Sidney L. Mills, an enrolled member of the Oglala Sioux Tribe, has been named Director of the Bureau of Indian Affairs' Albuquerque area, Assistant Secretary Forrest Gerard announced today. Mills was formerly Executive Assistant to the Commissioner of Indian Affairs.
Gerard also announced the appointment of Roland Johnson as Deputy Director of the Albuquerque area. Johnson, a former tribal operations officer in the area office, has been on leave from BIA to serve as the Governor of the Pueblo of Laguna.
The Albuquerque area, one of 12 regional jurisdictions for the Bureau, includes most of New Mexico and Colorado. It includes three agencies serving Pueblo Indian groups, and five other agencies serving the Jicarilla Apaches, Mescalero Apaches, Ramah Navajos, Southern Utes and Ute Mountain Utes.

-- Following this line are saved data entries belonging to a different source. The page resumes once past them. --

(* Let $n\in\mathbb{N}$, $m\in\{1,\dots,n\}$ and $\alpha\in[0,1]$. In the additive noise ordinal optimisation model (see context), the success probability satisfies $$1-(1-\alpha)^{m}\;\le\; p^{\mathrm{A}}_{\mathrm{success}}(n,m,\alpha)\;\le\; 1-(1-\alpha)^{n}.$$
   Context: Ordinal optimisation model: let $(Z_1,X_1),\dots,(Z_n,X_n)$ be i.i.d. copies of a pair $(Z,X)$ of real random variables. Order the observations $Z_1,\dots,Z_n$ increasingly as $Z_{1:n}\le\dots\le Z_{n:n}$ and, for $i=1,\dots,m$, let $X_{\langle i\rangle}$ denote the $X$-value paired with $Z_{i:n}$ (the concomitant). Let $x^*_\alpha$ be the $\alpha$-quantile of $X$ (so $\Pr(X\le x^*_\alpha)=\alpha$ for continuous $X$). The success probability is $$p_{\mathrm{success}}(n,m,\alpha)=\Pr\Big(\min_{1\le i\le m}X_{\langle i\rangle}\le x^*_\alpha\Big).$$ Additive noise model: $Z_i=X_i+Y_i$ where $X_i$ and $Y_i$ are independent continuous random variables (with $(X_i,Y_i)$ i.i.d. over $i$); the success probability in this model is denoted $p^{\mathrm{A}}_{\mathrm{success}}(n,m,\alpha)$. *)

From HB Require Import structures.
From mathcomp Require Import all_boot all_order all_algebra.
From mathcomp Require Import all_classical all_reals all_analysis.
Set Implicit Arguments. Unset Strict Implicit. Unset Printing Implicit Defensive.
Import Order.TTheory GRing.Theory Num.Theory.
Local Open Scope classical_set_scope.
Local Open Scope ring_scope.

(* rank z j = (position of z j in the increasing ordering of z) - 1, ties
   broken by index (stable sort); z_{(rank z j)+1 : n} = z j.  The map j |-> rank z j
   is a bijection 'I_n -> {0,..,n-1}. *)
Definition rank (R : realType) (n : nat) (z : 'I_n -> R) (j : 'I_n) : nat :=
  #|[set k : 'I_n | (z k < z j) || ((z k == z j) && (k < j)%N)]|.

Definition mutual_indep (d : measure_display) (T : measurableType d) (R : realType)
  (P : probability T R) (I : finType) (V : I -> T -> R) : Prop :=
  forall B : I -> set R, (forall i, measurable (B i)) ->
    P (\bigcap_(i in [set: I]) (V i @^-1` B i)) =
    (\prod_(i : I) fine (P (V i @^-1` B i)))%:E.

Definition same_law (d : measure_display) (T : measurableType d) (R : realType)
  (P : probability T R) (U V : T -> R) : Prop :=
  forall B : set R, measurable B -> P (U @^-1` B) = P (V @^-1` B).

Definition atomless (d : measure_display) (T : measurableType d) (R : realType)
  (P : probability T R) (U : T -> R) : Prop :=
  forall r : R, P (U @^-1` [set r]) = 0%E.

(* Success event: min_{1<=i<=m} X_<i> <= x, i.e. some index among the m
   smallest Z-values has X-value <= x. *)
Definition success_event (T : Type) (R : realType) (n m : nat)
  (Z X : 'I_n -> T -> R) (x : \bar R) : set T :=
  [set w | exists j : 'I_n, (rank (fun k => Z k w) j < m)%N /\ ((X j w)%:E <= x)%E].

(* Write S for the m indices with the smallest Z-values (ties broken by index)
   and B for the indices with X > xa; the method fails exactly when S is a
   subset of B.  Success needs some X_j <= xa, whence the upper bound.
   For the lower bound fix the block A = {0, ..., m-1}.  In a failing
   configuration (S, B), exchange the X-values of the good indices of A \ S
   with those of as many (bad) indices of S \ A.  This lowers Z on S and
   raises it off S, so S does not move, and afterwards all of A is bad.  The
   exchange permutes the i.i.d. X's, hence preserves the joint law; it depends
   only on (S, B) and can be read back from the new configuration.  Summing
   over configurations, P(S <= B) <= P(A <= B) = (1 - alpha)^m. *)

From HB Require Import structures.
From mathcomp Require Import all_boot all_order all_algebra.
From mathcomp Require Import all_classical all_reals all_analysis.
From mathcomp Require Import fingroup perm measurable_realfun.
Import Order.TTheory GRing.Theory Num.Theory.
Set Implicit Arguments. Unset Strict Implicit. Unset Printing Implicit Defensive.
Local Open Scope ring_scope.

Section Rank.
Variables (R : realType) (n : nat).
Implicit Types (z : 'I_n -> R) (i j k : 'I_n).

Definition before z k j := (z k < z j) || ((z k == z j) && (k < j)%N).

Lemma rankE z j : rank z j = #|[set k | before z k j]|.
Proof.
by apply: eq_card => k; rewrite finset.in_set; apply/idP/idP => [/set_mem|/mem_set].
Qed.

Lemma before_irr z j : before z j j = false.
Proof. by rewrite /before ltxx eqxx ltnn. Qed.

Lemma before_trans z i j k : before z i j -> before z j k -> before z i k.
Proof.
rewrite /before => /orP[h1|/andP[/eqP e1 h1]] /orP[h2|/andP[/eqP e2 h2]].
- by rewrite (lt_trans h1 h2).
- by rewrite -e2 h1.
- by rewrite e1 h2.
- by rewrite e1 e2 eqxx (ltn_trans h1 h2) orbT.
Qed.

Lemma before_asym z j k : before z j k -> before z k j = false.
Proof. by move=> jk; apply/negP => /(before_trans jk); rewrite before_irr. Qed.

Lemma before_total z j k : j != k -> before z j k || before z k j.
Proof.
move=> jk; rewrite /before; case: (ltgtP (z j) (z k)) => //= e.
rewrite ?e ?eqxx /=; case: (ltngtP j k) => // /val_inj ejk.
by rewrite ejk eqxx in jk.
Qed.

Lemma rank_before z j k : before z j k -> (rank z j < rank z k)%N.
Proof.
move=> jk; rewrite !rankE; apply: proper_card; apply/properP; split.
  by apply/fintype.subsetP => i; rewrite !inE => /before_trans; apply.
by exists j; rewrite !inE ?before_irr.
Qed.

Lemma rank_inj z : injective (rank z).
Proof.
move=> j k e; apply/eqP/negPn/negP => /(before_total z).
by case/orP => /rank_before; rewrite e ltnn.
Qed.

Lemma rank_ltn z j : (rank z j < n)%N.
Proof.
rewrite rankE -[n in (_ < n)%N]card_ord -cardsT; apply: proper_card.
by rewrite properT; apply/negP => /eqP/setP/(_ j); rewrite !inE before_irr.
Qed.

Lemma card_ord_lt m : (m <= n)%N -> #|[set i : 'I_n | (i < m)%N]| = m.
Proof.
move=> mn; have widen_inj : injective (widen_ord mn) by move=> i k /(congr1 val) /= /val_inj.
rewrite -[RHS]card_ord -(card_imset _ widen_inj).
apply: eq_card => i; rewrite inE; apply/idP/imsetP => [im|[k _ ->]].
  by exists (Ordinal im) => //; apply: val_inj.
by rewrite /= ltn_ord.
Qed.

Lemma card_low_ranks z m : (m <= n)%N -> #|[set j | (rank z j < m)%N]| = m.
Proof.
move=> mn; rewrite -[RHS](card_ord_lt mn).
pose r j : 'I_n := Ordinal (rank_ltn z j).
have r_inj : injective r by move=> j k /(congr1 val) /rank_inj.
by rewrite -[RHS](card_preimset _ r_inj); apply: eq_card => j; rewrite !inE.
Qed.

Lemma before_mono z z' t u :
  z' t <= z t -> z u <= z' u -> before z t u -> before z' t u.
Proof.
rewrite /before => h1 h2 /orP[h|/andP[/eqP e h]].
  by rewrite (le_lt_trans h1 (lt_le_trans h h2)).
have : z' t <= z' u by rewrite (le_trans h1) // e.
by rewrite le_eqVlt => /orP[->|->] //; rewrite h orbT.
Qed.
(* Let $\pi:P\to M$ be a principal fibre bundle with group $G=P^{-1}P$, in the setting described in the context, and let $\nabla$ be a connection in the groupoid $PP^{-1}$ with connection form $\omega$. Let $R=R_\nabla$ be its curvature and $\hat R$ the $G$-valued 2-form on $P$ corresponding to $R$. Then $\hat R=d\omega$ as $G$-valued 2-forms on $P$, i.e. for every infinitesimal 2-simplex $(x,y,z)$ in $P$, $$R(\pi x,\pi y,\pi z)\cdot x = x\cdot\omega(x,y)\omega(y,z)\omega(z,x).$$ In particular, $d\omega$ is horizontal and equivariant.
   Context: Setting: $\Phi$ is a groupoid whose object set contains a set $M$ and an object $*\notin M$; $P$ is the set of arrows of $\Phi$ with domain $*$ and codomain in $M$; $\pi:P\to M$ the codomain map; $G=P^{-1}P:=\Phi( *,* )$ acts on $P$ from the right by precomposition, freely and transitively on fibres; $x^{-1}z\in G$ for $x,z$ in one fibre is computed in $\Phi$. $PP^{-1}$ is the full subgroupoid of $\Phi$ on $M$, acting on $P$ from the left by postcomposition; composition is right to left. $M$ and $P$ carry reflexive symmetric neighbour relations $\sim$; an infinitesimal $k$-simplex is a $(k+1)$-tuple of mutual neighbours; $\pi$ preserves $\sim$; every infinitesimal $k$-simplex in $M$ lifts to one in $P$ starting at any prescribed point over its first vertex; the right action of each $g\in G$ preserves $\sim$. A connection in $PP^{-1}$ assigns to each $a\sim b$ in $M$ an arrow $\nabla(a,b):b\to a$ of $PP^{-1}$, with $\nabla(a,a)=\mathrm{id}$, $\nabla(b,a)=\nabla(a,b)^{-1}$. Its connection form is $\omega(u,v):=u^{-1}(\nabla(\pi u,\pi v)\cdot v)\in G$ for $u\sim v$. Its curvature is the 2-form $R(a_0,a_1,a_2)=\nabla(a_0,a_1)\nabla(a_1,a_2)\nabla(a_2,a_0)\in PP^{-1}(a_0,a_0)$ on infinitesimal 2-simplices of $M$ (a 2-form with values in the gauge group bundle, whose fibre over $a$ is $PP^{-1}(a,a)$). For a gauge-valued 2-form $\alpha$ on $M$, $\hat\alpha$ is the $G$-valued 2-form on $P$ with $\hat\alpha(u_0,u_1,u_2)=u_0^{-1}(\alpha(\pi u_0,\pi u_1,\pi u_2)\cdot u_0)$. For a $G$-valued 1-form $\omega$, $d\omega(x_0,x_1,x_2)=\omega(x_0,x_1)\omega(x_1,x_2)\omega(x_2,x_0)$. A $G$-valued $k$-form $\theta$ on $P$ is horizontal if $\theta(u_0,u_1,\dots,u_k)=\theta(u_0,u_1g_1,\dots,u_kg_k)$ whenever $(u_0,u_1g_1,\dots,u_kg_k)$ is still an infinitesimal simplex, and equivariant if $\theta(u_0g,\dots,u_kg)=g^{-1}\theta(u_0,\dots,u_k)g$ for all $g\in G$. *)

From Stdlib Require Import Arith.

Set Implicit Arguments.

(* A groupoid: objects, hom-types, identities, composition (right to left:
   gcomp g f = "g f" = first f then g), inverses, with the groupoid laws. *)
Record groupoid := Groupoid {
  Ob : Type;
  Hom : Ob -> Ob -> Type;
  gid : forall a, Hom a a;
  gcomp : forall a b c, Hom b c -> Hom a b -> Hom a c;
  ginv : forall a b, Hom a b -> Hom b a;
  gassoc : forall a b c d (h : Hom c d) (g : Hom b c) (f : Hom a b),
      gcomp h (gcomp g f) = gcomp (gcomp h g) f;
  gid_l : forall a b (f : Hom a b), gcomp (gid b) f = f;
  gid_r : forall a b (f : Hom a b), gcomp f (gid a) = f;
  ginv_l : forall a b (f : Hom a b), gcomp (ginv f) f = gid a;
  ginv_r : forall a b (f : Hom a b), gcomp f (ginv f) = gid b
}.

Arguments gid {g0} a : rename.
Arguments gcomp {g0 a b c} _ _ : rename.
Arguments ginv {g0 a b} _ : rename.

Section Bundle.
Variable Phi : groupoid.
Variable M : Type.
Variable iota : M -> Ob Phi.
Variable star : Ob Phi.

Definition Pb := { m : M & Hom Phi star (iota m) }.
Definition Gr := Hom Phi star star.
Definition piP (u : Pb) : M := projT1 u.
Definition arr (u : Pb) : Hom Phi star (iota (piP u)) := projT2 u.
Definition actR (u : Pb) (g : Gr) : Pb := existT _ (projT1 u) (gcomp (projT2 u) g).

Variable nbM : M -> M -> Prop.
Variable nbP : Pb -> Pb -> Prop.

Definition simplexM (k : nat) (a : nat -> M) : Prop :=
  forall i j, i <= k -> j <= k -> nbM (a i) (a j).
Definition simplexP (k : nat) (u : nat -> Pb) : Prop :=
  forall i j, i <= k -> j <= k -> nbP (u i) (u j).

Definition simplex2M (a0 a1 a2 : M) : Prop :=
  nbM a0 a1 /\ nbM a1 a2 /\ nbM a2 a0.
Definition simplex2P (u0 u1 u2 : Pb) : Prop :=
  nbP u0 u1 /\ nbP u1 u2 /\ nbP u2 u0.

Definition bundle_axioms : Prop :=
  (forall a, nbM a a) /\ (forall a b, nbM a b -> nbM b a) /\
  (forall u, nbP u u) /\ (forall u v, nbP u v -> nbP v u) /\
  (forall u v, nbP u v -> nbM (piP u) (piP v)) /\
  (forall (k : nat) (a : nat -> M), simplexM k a ->
     forall u0 : Pb, piP u0 = a 0 ->
     exists u : nat -> Pb, simplexP k u /\ u 0 = u0 /\
        forall i, i <= k -> piP (u i) = a i) /\
  (forall (g : Gr) u v, nbP u v -> nbP (actR u g) (actR v g)).

Definition preconnection := forall a b : M, nbM a b -> Hom Phi (iota b) (iota a).

Definition is_connection (nabla : preconnection) : Prop :=
  (forall a (h : nbM a a), nabla a a h = gid (iota a)) /\
  (forall a b (h : nbM a b) (h' : nbM b a), nabla b a h' = ginv (nabla a b h)).

Variable pi_nb : forall u v, nbP u v -> nbM (piP u) (piP v).

Definition conn_form (nabla : preconnection) (u v : Pb) (h : nbP u v) : Gr :=
  gcomp (ginv (arr u)) (gcomp (nabla (piP u) (piP v) (pi_nb h)) (arr v)).

Definition curvature (nabla : preconnection) (a0 a1 a2 : M)
    (s : simplex2M a0 a1 a2) : Hom Phi (iota a0) (iota a0) :=
  gcomp (nabla a0 a1 (proj1 s))
    (gcomp (nabla a1 a2 (proj1 (proj2 s))) (nabla a2 a0 (proj2 (proj2 s)))).

Definition form2P := forall u0 u1 u2 : Pb, simplex2P u0 u1 u2 -> Gr.

Definition pi_simplex2 (u0 u1 u2 : Pb) (s : simplex2P u0 u1 u2) :
    simplex2M (piP u0) (piP u1) (piP u2) :=
  conj (pi_nb (proj1 s)) (conj (pi_nb (proj1 (proj2 s))) (pi_nb (proj2 (proj2 s)))).

Definition gauge_form2M :=
  forall a0 a1 a2 : M, simplex2M a0 a1 a2 -> Hom Phi (iota a0) (iota a0).

Definition hat (alpha : gauge_form2M) : form2P :=
  fun u0 u1 u2 s =>
    gcomp (ginv (arr u0)) (gcomp (alpha _ _ _ (pi_simplex2 s)) (arr u0)).

Definition dform1 (omega : forall u v : Pb, nbP u v -> Gr) : form2P :=
  fun u0 u1 u2 s =>
    gcomp (omega u0 u1 (proj1 s))
      (gcomp (omega u1 u2 (proj1 (proj2 s))) (omega u2 u0 (proj2 (proj2 s)))).

Definition horizontal2 (theta : form2P) : Prop :=
  forall (u0 u1 u2 : Pb) (g1 g2 : Gr) (s : simplex2P u0 u1 u2)
         (s' : simplex2P u0 (actR u1 g1) (actR u2 g2)),
    theta u0 u1 u2 s = theta u0 (actR u1 g1) (actR u2 g2) s'.

Definition equivariant2 (theta : form2P) : Prop :=
  forall (u0 u1 u2 : Pb) (g : Gr) (s : simplex2P u0 u1 u2)
         (s' : simplex2P (actR u0 g) (actR u1 g) (actR u2 g)),
    theta (actR u0 g) (actR u1 g) (actR u2 g) s' =
    gcomp (ginv g) (gcomp (theta u0 u1 u2 s) g).

End Bundle.

(* Both identities are telescoping: in
   u0^-1 nabla(a0,a1) u1 . u1^-1 nabla(a1,a2) u2 . u2^-1 nabla(a2,a0) u0
   the inner factors u_i u_i^-1 cancel, leaving the conjugate of the curvature
   by u0, i.e. its hat.  No connection axiom is needed for this.  Every hat
   form is horizontal, because it only sees the base points of u1 and u2,
   and equivariant, because replacing u0 by u0 g conjugates by g. *)
From Stdlib Require Import ProofIrrelevance.

Section GroupoidLemmas.
Variable G : groupoid.

Lemma gcompKV {a b c} (f : Hom G a b) (k : Hom G c b) :
  gcomp f (gcomp (ginv f) k) = k.
Proof. rewrite gassoc, ginv_r, gid_l. reflexivity. Qed.

Lemma gcompK {a b c} (f : Hom G a b) (k : Hom G c a) :
  gcomp (ginv f) (gcomp f k) = k.
Proof. rewrite gassoc, ginv_l, gid_l. reflexivity. Qed.

Lemma ginv_gcomp {a b c} (f : Hom G a b) (g : Hom G b c) :
  ginv (gcomp g f) = gcomp (ginv f) (ginv g).
Proof.
  rewrite <- (gcompK (gcomp g f) (gcomp (ginv f) (ginv g))).
  rewrite <- gassoc, gcompKV, ginv_r, gid_r.
  reflexivity.
Qed.

End GroupoidLemmas.

Section HatForms.
Variables (Phi : groupoid) (M : Type) (iota : M -> Ob Phi) (star : Ob Phi).
Variables (nbM : M -> M -> Prop) (nbP : Pb Phi iota star -> Pb Phi iota star -> Prop).
Variable pi_nb : forall u v, nbP u v -> nbM (piP u) (piP v).

Lemma hat_conj (alpha : gauge_form2M Phi iota nbM) x y z (s : simplex2P nbP x y z) :
  gcomp (alpha _ _ _ (pi_simplex2 nbM pi_nb s)) (arr x) =
  gcomp (arr x) (hat pi_nb alpha s).
Proof. unfold hat. rewrite gcompKV. reflexivity. Qed.

Lemma hat_horizontal (alpha : gauge_form2M Phi iota nbM) :
  horizontal2 (hat pi_nb alpha).
Proof.
  intros u0 u1 u2 g1 g2 s s'. unfold hat.
  rewrite (proof_irrelevance _ (pi_simplex2 nbM pi_nb s') (pi_simplex2 nbM pi_nb s)).
  reflexivity.
Qed.

Lemma hat_equivariant (alpha : gauge_form2M Phi iota nbM) :
  equivariant2 (hat pi_nb alpha).
Proof.
  intros u0 u1 u2 g s s'. unfold hat.
  rewrite (proof_irrelevance _ (pi_simplex2 nbM pi_nb s') (pi_simplex2 nbM pi_nb s)).
  unfold arr, actR; simpl.
  rewrite ginv_gcomp, <- !gassoc.
  reflexivity.
Qed.

Lemma hat_curvature (nabla : preconnection Phi iota nbM) x y z (s : simplex2P nbP x y z) :
  hat pi_nb (curvature nabla) s = dform1 (conn_form nbP pi_nb nabla) s.
Proof.
  unfold hat, dform1, conn_form, curvature.
  rewrite <- !gassoc, !gcompKV.
  (* [proj1] and [proj2] are opaque, so the neighbour proofs agree only up to irrelevance. *)
  repeat f_equal; apply proof_irrelevance.
Qed.

End HatForms.

Theorem theorem1
  (Phi : groupoid) (M : Type) (iota : M -> Ob Phi) (star : Ob Phi)
  (iota_inj : forall m m' : M, iota m = iota m' -> m = m')
  (star_notin : forall m : M, iota m <> star)
  (nbM : M -> M -> Prop) (nbP : Pb Phi iota star -> Pb Phi iota star -> Prop)
  (Hax : bundle_axioms nbM nbP)
  (pi_nb : forall u v, nbP u v -> nbM (piP u) (piP v))
  (nabla : preconnection Phi iota nbM) (Hnabla : is_connection nabla) :
  let omega := conn_form nbP pi_nb nabla in
  let R := curvature nabla in
  (* hat R = d omega as G-valued 2-forms on P *)
  (forall (x y z : Pb Phi iota star) (s : simplex2P nbP x y z),
     hat pi_nb R s = dform1 omega s) /\
  (* i.e. R(pi x, pi y, pi z) . x = x . omega(x,y) omega(y,z) omega(z,x) *)
  (forall (x y z : Pb Phi iota star) (s : simplex2P nbP x y z),
     gcomp (R _ _ _ (pi_simplex2 nbM pi_nb s)) (arr x) =
     gcomp (arr x) (gcomp (omega x y (proj1 s))
                     (gcomp (omega y z (proj1 (proj2 s)))
                            (omega z x (proj2 (proj2 s)))))) /\
  (* in particular d omega is horizontal and equivariant *)
  horizontal2 (dform1 omega) /\ equivariant2 (dform1 omega).
Proof.
  intros omega R; subst omega R.
  split; [| split; [| split]].
  - apply hat_curvature.
  - intros x y z s.
    rewrite hat_conj, hat_curvature.
    reflexivity.
  - intros u0 u1 u2 g1 g2 s s'.
    rewrite <- !hat_curvature.
    apply hat_horizontal.
  - intros u0 u1 u2 g s s'.
    rewrite <- !hat_curvature.
    apply hat_equivariant.
Qed.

A Navy veteran, Mills, 52, entered Federal service in 1973 in the Aberdeen, South Dakota Area Office. He was the Supply and Contract Officer and, for almost a year, the Acting Deputy Area Director before transferring to Washington, D.C, in August 1975.
Mills had been Purchasing Manager for the Great Western Sugar Company; Merchandise Control Manager, Creative Merchandising Inc.; and Purchasing Manager for Sundstrand Aviation, all in Denver, Colo.
A native of Porcupine, South Dakota, Mills attended the Santa Fe Indian High School and completed numerous courses in management, marketing, and other subjects at Colorado, Arizona, Stanford, Denver and Harvard Universities.
Johnson, a full-blooded member of the Laguna Pueblo, has been Governor of the Pueblo since January, 1975. Prior to becoming Tribal Operations Officer in 1971 in the Albuquerque office, he was Chief Staffing Specialist and Servicing Personnel Officer in the BIA's Central Office in Washington, D.C.
An alumnus of New Mexico State University, Johnson, 39, began his career with BIA in 1965. He worked in personnel and employee relations in both the Navajo and Albuquerque area offices. He graduated from the Albuquerque Indian High School and completed Interior's Departmental Management Training Program in 1970.
Johnson received New Mexico's Distinguished Public Service Award in 1975.